- _Aim of the exercise_
Return all lines in the data where the string "Variables" can be found.

** Opening Given entries block **

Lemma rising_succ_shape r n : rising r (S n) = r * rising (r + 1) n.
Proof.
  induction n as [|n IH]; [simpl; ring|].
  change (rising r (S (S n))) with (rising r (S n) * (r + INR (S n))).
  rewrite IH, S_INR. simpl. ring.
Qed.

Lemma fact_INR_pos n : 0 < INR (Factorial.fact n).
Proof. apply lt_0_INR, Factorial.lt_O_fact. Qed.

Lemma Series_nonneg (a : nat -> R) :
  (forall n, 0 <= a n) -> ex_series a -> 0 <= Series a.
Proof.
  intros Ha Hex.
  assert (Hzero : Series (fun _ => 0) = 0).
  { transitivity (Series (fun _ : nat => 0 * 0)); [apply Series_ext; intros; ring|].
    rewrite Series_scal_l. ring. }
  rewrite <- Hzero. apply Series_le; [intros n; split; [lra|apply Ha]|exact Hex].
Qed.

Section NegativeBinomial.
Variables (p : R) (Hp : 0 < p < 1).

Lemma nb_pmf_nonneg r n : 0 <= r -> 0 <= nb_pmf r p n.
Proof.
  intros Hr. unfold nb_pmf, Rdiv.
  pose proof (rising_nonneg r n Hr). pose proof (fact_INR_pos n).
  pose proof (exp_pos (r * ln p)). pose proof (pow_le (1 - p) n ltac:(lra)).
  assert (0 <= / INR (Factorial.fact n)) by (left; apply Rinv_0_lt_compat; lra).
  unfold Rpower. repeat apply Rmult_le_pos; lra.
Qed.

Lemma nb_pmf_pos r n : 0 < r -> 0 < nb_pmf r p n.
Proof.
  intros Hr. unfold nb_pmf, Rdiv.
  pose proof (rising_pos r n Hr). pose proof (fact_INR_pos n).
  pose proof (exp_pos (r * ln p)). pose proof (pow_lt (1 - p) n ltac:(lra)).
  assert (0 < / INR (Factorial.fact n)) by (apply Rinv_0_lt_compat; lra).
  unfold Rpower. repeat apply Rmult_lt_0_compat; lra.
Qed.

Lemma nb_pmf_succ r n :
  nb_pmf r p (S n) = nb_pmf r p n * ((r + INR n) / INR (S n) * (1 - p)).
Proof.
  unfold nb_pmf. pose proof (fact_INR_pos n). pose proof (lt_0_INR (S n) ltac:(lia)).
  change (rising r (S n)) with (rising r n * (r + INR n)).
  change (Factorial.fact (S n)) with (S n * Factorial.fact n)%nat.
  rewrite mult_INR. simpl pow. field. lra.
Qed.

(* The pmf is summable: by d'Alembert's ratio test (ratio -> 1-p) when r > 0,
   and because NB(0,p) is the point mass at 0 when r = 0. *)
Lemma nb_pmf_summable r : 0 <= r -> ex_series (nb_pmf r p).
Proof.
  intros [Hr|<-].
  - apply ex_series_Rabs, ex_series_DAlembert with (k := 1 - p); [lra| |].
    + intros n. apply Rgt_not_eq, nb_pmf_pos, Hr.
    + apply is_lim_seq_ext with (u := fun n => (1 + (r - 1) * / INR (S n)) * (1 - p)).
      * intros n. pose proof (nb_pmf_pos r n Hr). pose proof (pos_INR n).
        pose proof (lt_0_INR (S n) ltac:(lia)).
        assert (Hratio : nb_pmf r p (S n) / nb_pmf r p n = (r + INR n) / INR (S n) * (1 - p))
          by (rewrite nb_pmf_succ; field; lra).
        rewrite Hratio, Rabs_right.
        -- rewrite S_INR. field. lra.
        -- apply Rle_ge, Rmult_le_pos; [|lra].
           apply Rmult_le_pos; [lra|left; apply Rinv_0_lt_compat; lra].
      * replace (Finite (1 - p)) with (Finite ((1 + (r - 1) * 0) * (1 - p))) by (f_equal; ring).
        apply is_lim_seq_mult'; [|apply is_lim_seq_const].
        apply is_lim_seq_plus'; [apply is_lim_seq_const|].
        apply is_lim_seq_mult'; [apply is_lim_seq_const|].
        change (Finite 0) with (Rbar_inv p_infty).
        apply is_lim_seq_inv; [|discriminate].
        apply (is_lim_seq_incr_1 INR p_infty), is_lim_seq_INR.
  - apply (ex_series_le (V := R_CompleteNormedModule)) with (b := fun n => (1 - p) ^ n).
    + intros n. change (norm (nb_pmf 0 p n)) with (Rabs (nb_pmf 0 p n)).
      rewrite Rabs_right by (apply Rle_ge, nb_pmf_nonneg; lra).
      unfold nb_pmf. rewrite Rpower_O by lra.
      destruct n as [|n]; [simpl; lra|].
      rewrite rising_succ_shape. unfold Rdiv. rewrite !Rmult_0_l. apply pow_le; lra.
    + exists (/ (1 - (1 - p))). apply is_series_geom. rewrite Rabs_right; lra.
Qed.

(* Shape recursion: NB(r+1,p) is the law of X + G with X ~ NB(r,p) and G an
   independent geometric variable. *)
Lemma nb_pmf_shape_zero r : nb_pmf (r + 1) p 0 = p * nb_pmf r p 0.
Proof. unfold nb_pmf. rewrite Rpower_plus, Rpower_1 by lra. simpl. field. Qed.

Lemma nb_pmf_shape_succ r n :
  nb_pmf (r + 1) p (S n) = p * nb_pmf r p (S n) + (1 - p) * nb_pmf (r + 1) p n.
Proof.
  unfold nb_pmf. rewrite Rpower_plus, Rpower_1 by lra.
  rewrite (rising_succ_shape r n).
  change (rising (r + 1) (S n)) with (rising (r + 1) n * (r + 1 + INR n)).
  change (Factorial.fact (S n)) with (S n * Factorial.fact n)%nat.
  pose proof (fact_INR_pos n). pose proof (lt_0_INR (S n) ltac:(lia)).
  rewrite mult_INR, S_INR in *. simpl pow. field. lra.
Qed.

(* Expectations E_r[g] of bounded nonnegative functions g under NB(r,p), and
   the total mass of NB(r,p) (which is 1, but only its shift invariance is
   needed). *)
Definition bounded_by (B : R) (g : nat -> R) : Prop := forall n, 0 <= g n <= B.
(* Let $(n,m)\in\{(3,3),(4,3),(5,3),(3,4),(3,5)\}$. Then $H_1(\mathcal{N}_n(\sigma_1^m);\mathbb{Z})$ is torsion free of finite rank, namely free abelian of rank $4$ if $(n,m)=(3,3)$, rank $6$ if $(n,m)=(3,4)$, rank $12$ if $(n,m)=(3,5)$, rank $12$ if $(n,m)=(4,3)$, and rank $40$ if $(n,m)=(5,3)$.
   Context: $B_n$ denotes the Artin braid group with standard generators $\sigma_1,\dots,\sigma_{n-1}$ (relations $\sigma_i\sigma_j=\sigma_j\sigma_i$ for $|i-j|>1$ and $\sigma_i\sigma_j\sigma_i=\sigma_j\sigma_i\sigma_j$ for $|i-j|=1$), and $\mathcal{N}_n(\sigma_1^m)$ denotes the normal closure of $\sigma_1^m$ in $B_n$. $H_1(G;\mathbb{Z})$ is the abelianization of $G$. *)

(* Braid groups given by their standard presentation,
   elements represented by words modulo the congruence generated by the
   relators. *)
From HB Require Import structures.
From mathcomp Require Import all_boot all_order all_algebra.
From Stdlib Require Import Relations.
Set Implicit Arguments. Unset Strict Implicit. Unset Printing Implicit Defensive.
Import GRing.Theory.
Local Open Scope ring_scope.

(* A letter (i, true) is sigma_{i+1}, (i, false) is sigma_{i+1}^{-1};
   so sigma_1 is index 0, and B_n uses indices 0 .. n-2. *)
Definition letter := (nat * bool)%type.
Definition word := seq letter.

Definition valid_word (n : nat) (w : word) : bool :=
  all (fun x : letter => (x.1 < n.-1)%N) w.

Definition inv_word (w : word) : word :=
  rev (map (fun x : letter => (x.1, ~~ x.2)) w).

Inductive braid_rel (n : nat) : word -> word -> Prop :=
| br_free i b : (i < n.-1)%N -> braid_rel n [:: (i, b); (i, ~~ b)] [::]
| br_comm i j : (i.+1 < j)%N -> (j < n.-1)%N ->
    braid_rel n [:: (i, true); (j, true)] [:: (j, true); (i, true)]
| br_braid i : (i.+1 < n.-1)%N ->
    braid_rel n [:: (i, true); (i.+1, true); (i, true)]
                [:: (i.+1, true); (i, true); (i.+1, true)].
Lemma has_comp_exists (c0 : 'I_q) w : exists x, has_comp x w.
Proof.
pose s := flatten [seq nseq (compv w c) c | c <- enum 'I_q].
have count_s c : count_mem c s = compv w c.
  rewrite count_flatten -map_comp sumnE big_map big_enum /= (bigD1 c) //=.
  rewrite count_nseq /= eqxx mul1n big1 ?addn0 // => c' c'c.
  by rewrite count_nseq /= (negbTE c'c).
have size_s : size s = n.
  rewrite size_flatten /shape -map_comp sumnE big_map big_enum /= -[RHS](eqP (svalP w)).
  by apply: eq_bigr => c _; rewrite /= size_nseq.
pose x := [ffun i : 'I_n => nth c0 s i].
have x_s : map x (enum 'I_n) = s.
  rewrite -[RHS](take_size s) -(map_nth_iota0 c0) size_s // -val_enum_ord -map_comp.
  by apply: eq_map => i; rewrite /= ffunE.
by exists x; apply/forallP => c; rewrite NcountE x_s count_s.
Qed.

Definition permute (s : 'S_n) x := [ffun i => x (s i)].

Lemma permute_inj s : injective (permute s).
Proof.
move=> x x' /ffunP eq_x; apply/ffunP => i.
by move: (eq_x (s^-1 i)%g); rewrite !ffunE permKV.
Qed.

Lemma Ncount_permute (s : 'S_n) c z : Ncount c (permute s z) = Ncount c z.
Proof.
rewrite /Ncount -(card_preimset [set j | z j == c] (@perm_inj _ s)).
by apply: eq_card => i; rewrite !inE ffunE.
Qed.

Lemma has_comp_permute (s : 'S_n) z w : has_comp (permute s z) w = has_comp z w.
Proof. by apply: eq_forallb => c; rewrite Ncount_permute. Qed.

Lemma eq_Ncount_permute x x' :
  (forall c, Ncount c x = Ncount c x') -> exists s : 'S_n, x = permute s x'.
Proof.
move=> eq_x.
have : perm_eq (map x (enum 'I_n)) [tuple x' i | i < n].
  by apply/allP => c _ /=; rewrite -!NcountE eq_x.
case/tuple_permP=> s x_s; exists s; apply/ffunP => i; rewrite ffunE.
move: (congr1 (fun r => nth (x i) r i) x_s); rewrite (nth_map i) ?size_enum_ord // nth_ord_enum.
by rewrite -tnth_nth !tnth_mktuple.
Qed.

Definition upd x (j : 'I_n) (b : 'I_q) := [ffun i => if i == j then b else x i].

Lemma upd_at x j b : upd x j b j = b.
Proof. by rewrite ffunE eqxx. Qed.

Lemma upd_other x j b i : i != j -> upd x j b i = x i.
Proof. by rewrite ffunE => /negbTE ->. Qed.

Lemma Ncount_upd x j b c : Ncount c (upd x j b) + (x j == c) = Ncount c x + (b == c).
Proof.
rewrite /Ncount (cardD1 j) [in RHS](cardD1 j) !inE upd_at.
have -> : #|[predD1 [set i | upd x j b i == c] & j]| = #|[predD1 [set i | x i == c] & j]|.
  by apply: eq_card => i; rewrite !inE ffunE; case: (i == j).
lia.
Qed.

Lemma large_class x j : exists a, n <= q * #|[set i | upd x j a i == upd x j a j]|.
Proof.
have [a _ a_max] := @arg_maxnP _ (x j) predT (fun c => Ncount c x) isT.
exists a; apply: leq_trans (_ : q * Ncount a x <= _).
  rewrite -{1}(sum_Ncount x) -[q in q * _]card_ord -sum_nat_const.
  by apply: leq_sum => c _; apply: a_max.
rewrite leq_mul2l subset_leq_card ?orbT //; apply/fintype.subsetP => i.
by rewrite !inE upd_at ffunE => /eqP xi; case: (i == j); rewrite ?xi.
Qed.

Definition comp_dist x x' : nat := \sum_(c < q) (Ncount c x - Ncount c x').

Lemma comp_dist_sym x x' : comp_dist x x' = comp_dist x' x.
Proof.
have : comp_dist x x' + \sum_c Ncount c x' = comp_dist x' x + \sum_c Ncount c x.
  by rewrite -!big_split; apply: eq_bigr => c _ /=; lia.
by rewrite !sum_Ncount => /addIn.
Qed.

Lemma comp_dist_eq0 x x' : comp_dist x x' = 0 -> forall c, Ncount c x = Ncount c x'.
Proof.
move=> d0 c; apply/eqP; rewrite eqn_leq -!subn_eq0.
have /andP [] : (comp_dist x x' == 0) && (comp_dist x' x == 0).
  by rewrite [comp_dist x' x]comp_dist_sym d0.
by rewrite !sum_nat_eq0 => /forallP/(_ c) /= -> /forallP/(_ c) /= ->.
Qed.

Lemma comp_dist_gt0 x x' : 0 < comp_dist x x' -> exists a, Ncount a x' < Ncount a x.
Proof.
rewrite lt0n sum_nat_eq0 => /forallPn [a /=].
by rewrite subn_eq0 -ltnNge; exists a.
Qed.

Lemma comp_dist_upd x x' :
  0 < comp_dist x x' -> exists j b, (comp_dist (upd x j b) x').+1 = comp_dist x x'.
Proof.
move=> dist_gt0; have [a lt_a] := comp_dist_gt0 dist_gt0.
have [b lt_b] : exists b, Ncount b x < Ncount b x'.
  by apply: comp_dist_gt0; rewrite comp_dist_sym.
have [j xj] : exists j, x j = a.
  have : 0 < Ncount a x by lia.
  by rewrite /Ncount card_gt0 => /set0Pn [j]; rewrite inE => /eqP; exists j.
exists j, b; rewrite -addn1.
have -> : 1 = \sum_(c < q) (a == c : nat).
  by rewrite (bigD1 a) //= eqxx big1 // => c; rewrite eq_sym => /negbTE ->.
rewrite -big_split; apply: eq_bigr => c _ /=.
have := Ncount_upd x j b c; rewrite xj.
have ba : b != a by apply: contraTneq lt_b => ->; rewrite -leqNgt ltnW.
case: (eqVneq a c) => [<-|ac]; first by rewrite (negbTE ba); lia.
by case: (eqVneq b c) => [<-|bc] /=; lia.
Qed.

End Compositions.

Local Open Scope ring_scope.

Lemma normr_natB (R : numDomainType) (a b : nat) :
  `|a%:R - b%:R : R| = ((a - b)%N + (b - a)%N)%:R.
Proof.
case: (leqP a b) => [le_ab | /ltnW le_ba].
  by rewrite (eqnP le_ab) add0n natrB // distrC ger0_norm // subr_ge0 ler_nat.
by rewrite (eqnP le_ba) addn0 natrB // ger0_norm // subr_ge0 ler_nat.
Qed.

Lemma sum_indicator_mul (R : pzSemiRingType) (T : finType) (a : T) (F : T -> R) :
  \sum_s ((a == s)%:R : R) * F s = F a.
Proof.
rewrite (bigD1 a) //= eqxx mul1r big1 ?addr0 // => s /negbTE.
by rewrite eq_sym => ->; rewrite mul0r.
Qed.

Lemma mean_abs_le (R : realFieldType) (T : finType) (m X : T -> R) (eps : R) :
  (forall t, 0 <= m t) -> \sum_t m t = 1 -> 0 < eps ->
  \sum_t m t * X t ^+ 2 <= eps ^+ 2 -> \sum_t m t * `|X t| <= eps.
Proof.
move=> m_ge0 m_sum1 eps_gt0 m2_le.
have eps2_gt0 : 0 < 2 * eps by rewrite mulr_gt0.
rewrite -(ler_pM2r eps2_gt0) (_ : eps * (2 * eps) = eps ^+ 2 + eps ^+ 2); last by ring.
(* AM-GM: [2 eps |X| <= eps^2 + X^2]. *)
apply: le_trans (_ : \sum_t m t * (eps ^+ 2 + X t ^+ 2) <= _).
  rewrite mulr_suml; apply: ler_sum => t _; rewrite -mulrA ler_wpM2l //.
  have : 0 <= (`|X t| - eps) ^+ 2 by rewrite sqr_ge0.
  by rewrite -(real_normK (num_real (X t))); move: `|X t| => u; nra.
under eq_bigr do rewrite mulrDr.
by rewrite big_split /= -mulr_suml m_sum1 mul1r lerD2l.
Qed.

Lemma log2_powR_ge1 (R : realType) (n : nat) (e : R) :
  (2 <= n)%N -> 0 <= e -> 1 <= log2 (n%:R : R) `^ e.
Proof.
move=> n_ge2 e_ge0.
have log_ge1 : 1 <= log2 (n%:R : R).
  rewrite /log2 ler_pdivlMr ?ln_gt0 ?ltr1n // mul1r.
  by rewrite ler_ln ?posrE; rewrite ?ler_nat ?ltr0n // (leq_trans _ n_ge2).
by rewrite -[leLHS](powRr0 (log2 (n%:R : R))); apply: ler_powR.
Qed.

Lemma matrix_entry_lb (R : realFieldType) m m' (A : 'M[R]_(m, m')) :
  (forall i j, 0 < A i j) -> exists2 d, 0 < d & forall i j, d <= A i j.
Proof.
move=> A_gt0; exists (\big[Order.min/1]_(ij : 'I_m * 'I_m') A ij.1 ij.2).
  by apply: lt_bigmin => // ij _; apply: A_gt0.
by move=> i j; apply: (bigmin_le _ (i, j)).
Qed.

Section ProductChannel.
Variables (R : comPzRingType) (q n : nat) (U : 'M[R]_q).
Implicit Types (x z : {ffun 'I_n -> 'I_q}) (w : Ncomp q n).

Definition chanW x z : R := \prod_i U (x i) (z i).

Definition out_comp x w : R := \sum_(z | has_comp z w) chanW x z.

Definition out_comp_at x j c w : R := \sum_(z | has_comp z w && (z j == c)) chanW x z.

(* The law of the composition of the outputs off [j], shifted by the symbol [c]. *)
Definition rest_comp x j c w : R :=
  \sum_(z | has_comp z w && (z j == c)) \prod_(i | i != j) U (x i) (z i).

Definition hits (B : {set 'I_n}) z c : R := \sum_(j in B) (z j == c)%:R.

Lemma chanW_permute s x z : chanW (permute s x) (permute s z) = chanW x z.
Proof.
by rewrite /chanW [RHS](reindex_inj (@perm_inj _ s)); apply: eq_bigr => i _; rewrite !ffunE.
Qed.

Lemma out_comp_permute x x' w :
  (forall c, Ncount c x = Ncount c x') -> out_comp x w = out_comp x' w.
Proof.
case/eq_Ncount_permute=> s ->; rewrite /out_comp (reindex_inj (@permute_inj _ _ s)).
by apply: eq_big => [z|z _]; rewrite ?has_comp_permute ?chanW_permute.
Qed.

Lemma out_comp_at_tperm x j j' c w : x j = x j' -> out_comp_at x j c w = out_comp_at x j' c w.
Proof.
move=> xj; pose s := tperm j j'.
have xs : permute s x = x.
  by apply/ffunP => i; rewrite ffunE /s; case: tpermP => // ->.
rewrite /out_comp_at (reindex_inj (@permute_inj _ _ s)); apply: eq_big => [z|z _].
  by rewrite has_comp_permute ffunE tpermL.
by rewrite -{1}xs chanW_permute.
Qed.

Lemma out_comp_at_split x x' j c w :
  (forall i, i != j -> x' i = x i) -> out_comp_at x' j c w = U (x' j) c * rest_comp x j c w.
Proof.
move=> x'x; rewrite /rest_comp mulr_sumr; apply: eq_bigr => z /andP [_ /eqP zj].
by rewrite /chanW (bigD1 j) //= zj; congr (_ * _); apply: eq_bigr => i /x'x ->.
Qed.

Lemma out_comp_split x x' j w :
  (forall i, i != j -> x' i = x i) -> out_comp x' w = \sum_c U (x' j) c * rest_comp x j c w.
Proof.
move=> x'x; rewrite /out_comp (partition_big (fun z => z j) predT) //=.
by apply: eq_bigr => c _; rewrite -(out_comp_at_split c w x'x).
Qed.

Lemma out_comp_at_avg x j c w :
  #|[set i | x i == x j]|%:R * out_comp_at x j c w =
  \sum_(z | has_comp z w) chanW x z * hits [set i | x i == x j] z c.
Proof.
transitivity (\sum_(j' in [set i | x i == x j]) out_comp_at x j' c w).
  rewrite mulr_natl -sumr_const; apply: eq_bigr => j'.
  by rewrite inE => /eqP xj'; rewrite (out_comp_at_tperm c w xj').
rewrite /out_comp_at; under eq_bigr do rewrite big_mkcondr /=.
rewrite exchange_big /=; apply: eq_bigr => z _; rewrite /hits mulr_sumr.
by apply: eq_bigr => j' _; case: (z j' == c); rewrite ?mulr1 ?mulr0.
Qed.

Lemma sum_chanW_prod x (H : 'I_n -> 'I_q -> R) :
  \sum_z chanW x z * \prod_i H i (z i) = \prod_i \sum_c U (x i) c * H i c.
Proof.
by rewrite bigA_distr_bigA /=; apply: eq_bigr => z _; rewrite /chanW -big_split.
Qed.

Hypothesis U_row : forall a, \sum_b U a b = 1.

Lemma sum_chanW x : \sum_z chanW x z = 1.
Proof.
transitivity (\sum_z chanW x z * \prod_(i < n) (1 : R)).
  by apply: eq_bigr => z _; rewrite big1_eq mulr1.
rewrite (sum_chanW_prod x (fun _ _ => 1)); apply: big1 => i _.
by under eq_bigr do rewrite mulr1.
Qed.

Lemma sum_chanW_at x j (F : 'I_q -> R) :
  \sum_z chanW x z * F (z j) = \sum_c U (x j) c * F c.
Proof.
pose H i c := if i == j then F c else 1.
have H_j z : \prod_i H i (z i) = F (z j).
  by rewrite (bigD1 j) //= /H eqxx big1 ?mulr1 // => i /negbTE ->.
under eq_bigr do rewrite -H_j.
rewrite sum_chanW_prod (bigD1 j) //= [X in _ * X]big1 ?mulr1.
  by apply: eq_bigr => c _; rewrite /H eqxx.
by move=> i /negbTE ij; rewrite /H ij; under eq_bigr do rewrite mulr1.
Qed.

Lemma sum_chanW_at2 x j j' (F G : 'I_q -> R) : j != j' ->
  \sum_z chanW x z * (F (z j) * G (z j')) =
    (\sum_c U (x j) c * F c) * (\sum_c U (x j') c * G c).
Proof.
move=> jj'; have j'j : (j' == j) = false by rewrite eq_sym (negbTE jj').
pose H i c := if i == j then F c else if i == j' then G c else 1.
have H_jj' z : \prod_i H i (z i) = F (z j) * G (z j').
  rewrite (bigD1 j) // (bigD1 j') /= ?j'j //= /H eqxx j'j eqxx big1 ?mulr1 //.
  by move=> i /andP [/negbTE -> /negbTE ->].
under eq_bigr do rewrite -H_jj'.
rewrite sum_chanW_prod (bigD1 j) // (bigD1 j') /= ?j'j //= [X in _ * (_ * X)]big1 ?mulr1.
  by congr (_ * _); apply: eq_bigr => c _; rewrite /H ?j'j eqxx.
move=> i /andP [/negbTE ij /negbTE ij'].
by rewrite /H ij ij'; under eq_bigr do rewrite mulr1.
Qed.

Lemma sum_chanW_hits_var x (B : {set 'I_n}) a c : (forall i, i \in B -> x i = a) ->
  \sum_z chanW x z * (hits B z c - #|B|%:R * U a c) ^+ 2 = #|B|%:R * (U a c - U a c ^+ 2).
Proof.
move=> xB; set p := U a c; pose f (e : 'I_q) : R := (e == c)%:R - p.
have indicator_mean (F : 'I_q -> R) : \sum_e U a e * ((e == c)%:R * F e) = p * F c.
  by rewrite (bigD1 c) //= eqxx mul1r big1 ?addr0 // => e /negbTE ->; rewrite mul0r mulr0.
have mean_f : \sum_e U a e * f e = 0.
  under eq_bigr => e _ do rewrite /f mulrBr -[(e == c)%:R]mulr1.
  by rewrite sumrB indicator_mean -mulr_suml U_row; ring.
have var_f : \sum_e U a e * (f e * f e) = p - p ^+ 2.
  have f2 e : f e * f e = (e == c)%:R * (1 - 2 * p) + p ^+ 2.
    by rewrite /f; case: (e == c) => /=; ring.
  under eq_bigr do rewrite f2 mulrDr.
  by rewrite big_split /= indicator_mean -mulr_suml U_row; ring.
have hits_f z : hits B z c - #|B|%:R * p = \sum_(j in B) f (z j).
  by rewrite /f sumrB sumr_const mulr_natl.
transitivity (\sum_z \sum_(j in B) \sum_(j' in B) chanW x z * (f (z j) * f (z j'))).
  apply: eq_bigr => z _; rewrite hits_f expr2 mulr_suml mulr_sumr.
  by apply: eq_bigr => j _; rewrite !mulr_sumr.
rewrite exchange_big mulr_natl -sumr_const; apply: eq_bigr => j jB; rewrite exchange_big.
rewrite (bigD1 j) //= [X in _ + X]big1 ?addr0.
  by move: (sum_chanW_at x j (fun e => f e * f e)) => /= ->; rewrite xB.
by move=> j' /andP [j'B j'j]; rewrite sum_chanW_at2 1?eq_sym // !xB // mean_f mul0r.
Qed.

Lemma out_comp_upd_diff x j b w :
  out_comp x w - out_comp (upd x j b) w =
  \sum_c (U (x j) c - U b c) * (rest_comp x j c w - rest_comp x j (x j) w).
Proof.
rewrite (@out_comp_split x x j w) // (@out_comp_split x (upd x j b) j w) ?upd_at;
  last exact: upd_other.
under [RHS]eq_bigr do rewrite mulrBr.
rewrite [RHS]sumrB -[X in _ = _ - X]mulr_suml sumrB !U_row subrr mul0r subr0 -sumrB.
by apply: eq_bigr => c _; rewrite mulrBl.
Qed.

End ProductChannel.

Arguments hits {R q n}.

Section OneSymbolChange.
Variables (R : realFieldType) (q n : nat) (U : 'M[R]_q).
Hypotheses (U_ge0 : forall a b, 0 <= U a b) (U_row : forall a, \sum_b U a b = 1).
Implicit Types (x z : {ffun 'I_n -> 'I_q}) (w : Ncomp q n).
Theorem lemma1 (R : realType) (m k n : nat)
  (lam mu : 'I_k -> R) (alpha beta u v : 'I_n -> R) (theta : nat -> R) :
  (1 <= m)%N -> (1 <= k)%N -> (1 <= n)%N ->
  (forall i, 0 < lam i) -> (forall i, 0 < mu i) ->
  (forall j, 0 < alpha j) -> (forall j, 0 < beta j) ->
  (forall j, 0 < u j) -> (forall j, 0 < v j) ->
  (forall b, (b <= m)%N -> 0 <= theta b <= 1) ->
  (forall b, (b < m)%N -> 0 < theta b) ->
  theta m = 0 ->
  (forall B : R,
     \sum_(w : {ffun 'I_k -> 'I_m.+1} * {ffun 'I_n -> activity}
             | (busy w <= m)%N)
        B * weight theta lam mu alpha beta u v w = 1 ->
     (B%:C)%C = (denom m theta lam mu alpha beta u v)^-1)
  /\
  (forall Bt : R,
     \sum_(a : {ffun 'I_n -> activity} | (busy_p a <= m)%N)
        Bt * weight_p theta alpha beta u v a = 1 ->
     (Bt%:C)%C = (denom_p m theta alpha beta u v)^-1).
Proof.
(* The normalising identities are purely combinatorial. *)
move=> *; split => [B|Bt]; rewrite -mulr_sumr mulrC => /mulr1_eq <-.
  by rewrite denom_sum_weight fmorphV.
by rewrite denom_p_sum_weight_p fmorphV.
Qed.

** Closing Given entries block **

- _Result of this task_
Variables (p : R) (Hp : 0 < p < 1).
Variables (R : comPzRingType) (q n : nat) (U : 'M[R]_q).
Variables (R : realFieldType) (q n : nat) (U : 'M[R]_q).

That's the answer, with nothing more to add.